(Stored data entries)
(* Let $h(n)$ be the maximum size of a peak-pit Condorcet domain on $n$ alternatives and $f(n)$ the maximum size of a Condorcet domain on $n$ alternatives. Then there is a constant $C>0$ such that $f(n)\ge h(n)\ge C\left(\sqrt{2+2\sqrt2}\right)^n$ for all sufficiently large $n$; in particular $h(n)>2.1973^n$ for all sufficiently large $n$.
   Context: A domain is a set of linear orders on $[n]$. A Condorcet domain is a domain $D$ such that for every profile with an odd number of voters whose preferences all lie in $D$, the pairwise majority relation is transitive. For a triple $a<b<c$ of alternatives, call them the 1st, 2nd, 3rd; the never condition $xNp$ says the $x$-th alternative is never in position $p$ within the triple in any order of the domain. A domain is peak-pit if for every triple its restriction satisfies a never condition of the form $xN3$ or $xN1$. *)

From mathcomp Require Import all_boot all_fingroup.
From mathcomp Require Import boolp.
Set Implicit Arguments. Unset Strict Implicit. Unset Printing Implicit Defensive.

(* A linear order on the n alternatives 'I_n is encoded by a permutation
   s : {perm 'I_n}, where s x is the rank of alternative x
   (rank 0 = most preferred).  x is ranked above y iff s x < s y. *)
Notation order n := {perm 'I_n}.

Definition domain n := {set order n}.

Definition nabove n (P : seq (order n)) (x y : 'I_n) : nat :=
  count (fun s : order n => s x < s y) P.

Definition majority n (P : seq (order n)) (x y : 'I_n) : bool :=
  nabove P y x < nabove P x y.

Definition transitive_rel n (r : 'I_n -> 'I_n -> bool) : Prop :=
  forall x y z, r x y -> r y z -> r x z.

Definition condorcet n (D : domain n) : Prop :=
  forall P : seq (order n), odd (size P) -> all (fun s => s \in D) P ->
    transitive_rel (majority P).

> WHAT TO DO:
Output the entries verbatim.

> TASK RESPONSE:
(* Let $h(n)$ be the maximum size of a peak-pit Condorcet domain on $n$ alternatives and $f(n)$ the maximum size of a Condorcet domain on $n$ alternatives. Then there is a constant $C>0$ such that $f(n)\ge h(n)\ge C\left(\sqrt{2+2\sqrt2}\right)^n$ for all sufficiently large $n$; in particular $h(n)>2.1973^n$ for all sufficiently large $n$.
   Context: A domain is a set of linear orders on $[n]$. A Condorcet domain is a domain $D$ such that for every profile with an odd number of voters whose preferences all lie in $D$, the pairwise majority relation is transitive. For a triple $a<b<c$ of alternatives, call them the 1st, 2nd, 3rd; the never condition $xNp$ says the $x$-th alternative is never in position $p$ within the triple in any order of the domain. A domain is peak-pit if for every triple its restriction satisfies a never condition of the form $xN3$ or $xN1$. *)

From mathcomp Require Import all_boot all_fingroup.
From mathcomp Require Import boolp.
Set Implicit Arguments. Unset Strict Implicit. Unset Printing Implicit Defensive.

(* A linear order on the n alternatives 'I_n is encoded by a permutation
   s : {perm 'I_n}, where s x is the rank of alternative x
   (rank 0 = most preferred).  x is ranked above y iff s x < s y. *)
Notation order n := {perm 'I_n}.

Definition domain n := {set order n}.

Definition nabove n (P : seq (order n)) (x y : 'I_n) : nat :=
  count (fun s : order n => s x < s y) P.

Definition majority n (P : seq (order n)) (x y : 'I_n) : bool :=
  nabove P y x < nabove P x y.

Definition transitive_rel n (r : 'I_n -> 'I_n -> bool) : Prop :=
  forall x y z, r x y -> r y z -> r x z.

Definition condorcet n (D : domain n) : Prop :=
  forall P : seq (order n), odd (size P) -> all (fun s => s \in D) P ->
    transitive_rel (majority P).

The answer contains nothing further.